### [The task]
Write out each record again exactly as it stands.

"""

(* Let $Y$ be a random variable whose moment generating function $E[e^{tY}]$ exists for $|t|<r_0$ for some $r_0>0$. Let $(Y_j)_{j\ge1}$ be mutually independent copies of $Y$, $S_0=0$, $S_k=Y_1+\cdots+Y_k$ for $k\ge1$. Let $r$ be a positive integer and define the probabilistic bivariate $r$-Bell polynomials $\phi_{n,r}^Y(x,y)$ by $$\Big(1+y\big(E[e^{Yt}]-1\big)\Big)^{x}e^{rt}=\sum_{n=0}^{\infty}\phi_{n,r}^Y(x,y)\frac{t^n}{n!}.$$ Then for every $n\ge0$, $$\phi_{n,r}^Y(x,y)=\sum_{k=0}^{n}{n+r\brace k+r}_{r,Y}(x)_k\,y^k,$$ where ${n+r\brace k+r}_{r,Y}=\frac{1}{k!}\sum_{j=0}^{k}\binom{k}{j}(-1)^{k-j}E\big[(S_j+r)^n\big]$ for $n\ge k\ge0$.
   Context: $(x)_0=1$, $(x)_k=x(x-1)\cdots(x-k+1)$ for $k\ge1$. The power $(1+u)^x$ is understood via the binomial series $\sum_{k\ge0}\binom{x}{k}u^k$ and the identity is one of power series in $t$; $x,y$ are variables. The numbers ${n+r\brace k+r}_{r,Y}$ are the probabilistic $r$-Stirling numbers of the second kind associated with $Y$. *)

From HB Require Import structures.
From mathcomp Require Import all_boot all_order all_algebra.
From mathcomp Require Import all_classical all_reals all_analysis.
Set Implicit Arguments. Unset Strict Implicit. Unset Printing Implicit Defensive.
Import Order.TTheory GRing.Theory Num.Theory.
Local Open Scope classical_set_scope.
Local Open Scope ring_scope.

Definition fps (R : realType) := nat -> R.

Definition fps_one (R : realType) : fps R := fun n => (n == 0%N)%:R.

Definition fps_mul (R : realType) (a b : fps R) : fps R :=
  fun n => \sum_(i < n.+1) a i * b (n - i)%N.

Definition fps_exp (R : realType) (a : fps R) (k : nat) : fps R :=
  iter k (fps_mul a) (fps_one R).

Definition falling (R : realType) (x : R) (k : nat) : R :=
  \prod_(i < k) (x - i%:R).

Definition binomR (R : realType) (x : R) (k : nat) : R := falling x k / (k`!)%:R.

(* (1+u)^x := sum_{k>=0} binom(x,k) u^k, for a series u with u 0 = 0.
   Since u^k has order >= k, the coefficient of t^n only receives
   contributions from k <= n, so the n-th coefficient is the finite sum below. *)
Definition binom_series (R : realType) (x : R) (u : fps R) : fps R :=
  fun n => \sum_(k < n.+1) binomR x k * fps_exp u k n.

Definition exp_series (R : realType) (c : R) : fps R := fun n => c ^+ n / (n`!)%:R.

(* E[e^{tY}] as a formal power series in t: sum_m E[Y^m] t^m / m! *)
Definition mgf_series d (T : measurableType d) (R : realType)
  (P : probability T R) (Y : T -> R) : fps R :=
  fun m => fine ('E_P[fun w => (Y w ^+ m)%R])%E / (m`!)%:R.

Definition prob_rBell d (T : measurableType d) (R : realType)
  (P : probability T R) (Y : T -> R) (r : nat) (x y : R) (n : nat) : R :=
  (n`!)%:R *
  fps_mul (binom_series x (fun m => y * (mgf_series P Y m - fps_one R m)))
          (exp_series r%:R) n.

Definition mutually_independent d (T : measurableType d) (R : realType)
  (P : probability T R) (X : nat -> {RV P >-> R}) : Prop :=
  forall (s : seq nat) (B : nat -> set R),
    uniq s -> (forall j, j \in s -> measurable (B j)) ->
    P (\big[setI/setT]_(j <- s) (X j @^-1` B j)) =
    (\prod_(j <- s) P (X j @^-1` B j))%E.

(* probabilistic r-Stirling number of the second kind {n+r brace k+r}_{r,Y},
   given the copies Ys (S_j = Ys 0 + ... + Ys (j-1)) *)
Definition prob_rStirling2 d (T : measurableType d) (R : realType)
  (P : probability T R) (Ys : nat -> {RV P >-> R}) (r n k : nat) : R :=
  (k`!)%:R^-1 * \sum_(j < k.+1)
     ('C(k, j))%:R * (-1) ^+ (k - j) *
     fine ('E_P[fun w => ((\sum_(i < j) Ys i w + r%:R) ^+ n)%R])%E.

(* Write M(t) = E[e^{tY}] = sum_m E[Y^m] t^m / m!.  Expanding
   (1 + y (M - 1))^x = sum_k (x)_k / k! y^k (M - 1)^k and
   (M - 1)^k = sum_j C(k, j) (-1)^(k - j) M^j reduces the identity to the fact
   that M^j e^{rt} is the exponential generating function of E[(S_j + r)^n].
   This follows by induction on j from the binomial expansion
   (S_{j+1} + r)^n = sum_k C(n, k) (S_j + r)^(n - k) Y_{j+1}^k and the product
   rule E[prod_i f_i(Y_i)] = prod_i E[f_i(Y_i)] for independent Y_i.  Only the
   coefficients of t^0, ..., t^n matter, so the series are handled as
   polynomials truncated at degree n.  The moments are finite because the moment
   generating function is finite near 0; the product rule is derived from the
   product rule for events by approximation with simple functions and monotone
   convergence, then by splitting into positive and negative parts. *)

From HB Require Import structures.
From mathcomp Require Import all_boot all_order all_algebra.
From mathcomp Require Import all_classical all_reals all_analysis.
From mathcomp Require Import measurable_realfun finmap zify ring.
Import Order.TTheory GRing.Theory Num.Theory.
Import HBNNSimple.
Set Implicit Arguments. Unset Strict Implicit. Unset Printing Implicit Defensive.
Local Open Scope classical_set_scope.
Local Open Scope ring_scope.

Lemma coef_exprn_lt (R : nzRingType) (p : {poly R}) k i :
  p`_0 = 0 -> (i < k)%N -> (p ^+ k)`_i = 0.
Proof.
move=> p0; elim: k i => [|k IHk] i ik //.
rewrite exprS coefM big1 // => j _.
have [->|j_gt0] := posnP j; first by rewrite p0 mul0r.
by rewrite IHk ?mulr0 //; have := ltn_ord j; lia.
Qed.

Section ExponentialGeneratingPolynomial.
Variable R : numFieldType.

Lemma natr_fact_neq0 k : (k`!)%:R != 0 :> R.
Proof. by rewrite pnatr_eq0 -lt0n fact_gt0. Qed.

Definition egf_poly (N : nat) (a : nat -> R) : {poly R} :=
  \poly_(i < N) (a i / (i`!)%:R).

Variables (mu : nat -> R) (c : R).

(* [shifted_sum_moment j n] is E[(c + Y_1 + ... + Y_j)^n] for independent Y_i
   with moments [mu]. *)
Fixpoint shifted_sum_moment (j n : nat) : R :=
  if j is j'.+1 then
    \sum_(k < n.+1) 'C(n, k)%:R * shifted_sum_moment j' (n - k) * mu k
  else c ^+ n.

"""

### [Solution below]
(* Let $Y$ be a random variable whose moment generating function $E[e^{tY}]$ exists for $|t|<r_0$ for some $r_0>0$. Let $(Y_j)_{j\ge1}$ be mutually independent copies of $Y$, $S_0=0$, $S_k=Y_1+\cdots+Y_k$ for $k\ge1$. Let $r$ be a positive integer and define the probabilistic bivariate $r$-Bell polynomials $\phi_{n,r}^Y(x,y)$ by $$\Big(1+y\big(E[e^{Yt}]-1\big)\Big)^{x}e^{rt}=\sum_{n=0}^{\infty}\phi_{n,r}^Y(x,y)\frac{t^n}{n!}.$$ Then for every $n\ge0$, $$\phi_{n,r}^Y(x,y)=\sum_{k=0}^{n}{n+r\brace k+r}_{r,Y}(x)_k\,y^k,$$ where ${n+r\brace k+r}_{r,Y}=\frac{1}{k!}\sum_{j=0}^{k}\binom{k}{j}(-1)^{k-j}E\big[(S_j+r)^n\big]$ for $n\ge k\ge0$.
   Context: $(x)_0=1$, $(x)_k=x(x-1)\cdots(x-k+1)$ for $k\ge1$. The power $(1+u)^x$ is understood via the binomial series $\sum_{k\ge0}\binom{x}{k}u^k$ and the identity is one of power series in $t$; $x,y$ are variables. The numbers ${n+r\brace k+r}_{r,Y}$ are the probabilistic $r$-Stirling numbers of the second kind associated with $Y$. *)

From HB Require Import structures.
From mathcomp Require Import all_boot all_order all_algebra.
From mathcomp Require Import all_classical all_reals all_analysis.
Set Implicit Arguments. Unset Strict Implicit. Unset Printing Implicit Defensive.
Import Order.TTheory GRing.Theory Num.Theory.
Local Open Scope classical_set_scope.
Local Open Scope ring_scope.

Definition fps (R : realType) := nat -> R.

Definition fps_one (R : realType) : fps R := fun n => (n == 0%N)%:R.

Definition fps_mul (R : realType) (a b : fps R) : fps R :=
  fun n => \sum_(i < n.+1) a i * b (n - i)%N.

Definition fps_exp (R : realType) (a : fps R) (k : nat) : fps R :=
  iter k (fps_mul a) (fps_one R).

Definition falling (R : realType) (x : R) (k : nat) : R :=
  \prod_(i < k) (x - i%:R).

Definition binomR (R : realType) (x : R) (k : nat) : R := falling x k / (k`!)%:R.

(* (1+u)^x := sum_{k>=0} binom(x,k) u^k, for a series u with u 0 = 0.
   Since u^k has order >= k, the coefficient of t^n only receives
   contributions from k <= n, so the n-th coefficient is the finite sum below. *)
Definition binom_series (R : realType) (x : R) (u : fps R) : fps R :=
  fun n => \sum_(k < n.+1) binomR x k * fps_exp u k n.

Definition exp_series (R : realType) (c : R) : fps R := fun n => c ^+ n / (n`!)%:R.

(* E[e^{tY}] as a formal power series in t: sum_m E[Y^m] t^m / m! *)
Definition mgf_series d (T : measurableType d) (R : realType)
  (P : probability T R) (Y : T -> R) : fps R :=
  fun m => fine ('E_P[fun w => (Y w ^+ m)%R])%E / (m`!)%:R.

Definition prob_rBell d (T : measurableType d) (R : realType)
  (P : probability T R) (Y : T -> R) (r : nat) (x y : R) (n : nat) : R :=
  (n`!)%:R *
  fps_mul (binom_series x (fun m => y * (mgf_series P Y m - fps_one R m)))
          (exp_series r%:R) n.

Definition mutually_independent d (T : measurableType d) (R : realType)
  (P : probability T R) (X : nat -> {RV P >-> R}) : Prop :=
  forall (s : seq nat) (B : nat -> set R),
    uniq s -> (forall j, j \in s -> measurable (B j)) ->
    P (\big[setI/setT]_(j <- s) (X j @^-1` B j)) =
    (\prod_(j <- s) P (X j @^-1` B j))%E.

(* probabilistic r-Stirling number of the second kind {n+r brace k+r}_{r,Y},
   given the copies Ys (S_j = Ys 0 + ... + Ys (j-1)) *)
Definition prob_rStirling2 d (T : measurableType d) (R : realType)
  (P : probability T R) (Ys : nat -> {RV P >-> R}) (r n k : nat) : R :=
  (k`!)%:R^-1 * \sum_(j < k.+1)
     ('C(k, j))%:R * (-1) ^+ (k - j) *
     fine ('E_P[fun w => ((\sum_(i < j) Ys i w + r%:R) ^+ n)%R])%E.

(* Write M(t) = E[e^{tY}] = sum_m E[Y^m] t^m / m!.  Expanding
   (1 + y (M - 1))^x = sum_k (x)_k / k! y^k (M - 1)^k and
   (M - 1)^k = sum_j C(k, j) (-1)^(k - j) M^j reduces the identity to the fact
   that M^j e^{rt} is the exponential generating function of E[(S_j + r)^n].
   This follows by induction on j from the binomial expansion
   (S_{j+1} + r)^n = sum_k C(n, k) (S_j + r)^(n - k) Y_{j+1}^k and the product
   rule E[prod_i f_i(Y_i)] = prod_i E[f_i(Y_i)] for independent Y_i.  Only the
   coefficients of t^0, ..., t^n matter, so the series are handled as
   polynomials truncated at degree n.  The moments are finite because the moment
   generating function is finite near 0; the product rule is derived from the
   product rule for events by approximation with simple functions and monotone
   convergence, then by splitting into positive and negative parts. *)

From HB Require Import structures.
From mathcomp Require Import all_boot all_order all_algebra.
From mathcomp Require Import all_classical all_reals all_analysis.
From mathcomp Require Import measurable_realfun finmap zify ring.
Import Order.TTheory GRing.Theory Num.Theory.
Import HBNNSimple.
Set Implicit Arguments. Unset Strict Implicit. Unset Printing Implicit Defensive.
Local Open Scope classical_set_scope.
Local Open Scope ring_scope.

Lemma coef_exprn_lt (R : nzRingType) (p : {poly R}) k i :
  p`_0 = 0 -> (i < k)%N -> (p ^+ k)`_i = 0.
Proof.
move=> p0; elim: k i => [|k IHk] i ik //.
rewrite exprS coefM big1 // => j _.
have [->|j_gt0] := posnP j; first by rewrite p0 mul0r.
by rewrite IHk ?mulr0 //; have := ltn_ord j; lia.
Qed.

Section ExponentialGeneratingPolynomial.
Variable R : numFieldType.

Lemma natr_fact_neq0 k : (k`!)%:R != 0 :> R.
Proof. by rewrite pnatr_eq0 -lt0n fact_gt0. Qed.

Definition egf_poly (N : nat) (a : nat -> R) : {poly R} :=
  \poly_(i < N) (a i / (i`!)%:R).

Variables (mu : nat -> R) (c : R).

(* [shifted_sum_moment j n] is E[(c + Y_1 + ... + Y_j)^n] for independent Y_i
   with moments [mu]. *)
Fixpoint shifted_sum_moment (j n : nat) : R :=
  if j is j'.+1 then
    \sum_(k < n.+1) 'C(n, k)%:R * shifted_sum_moment j' (n - k) * mu k
  else c ^+ n.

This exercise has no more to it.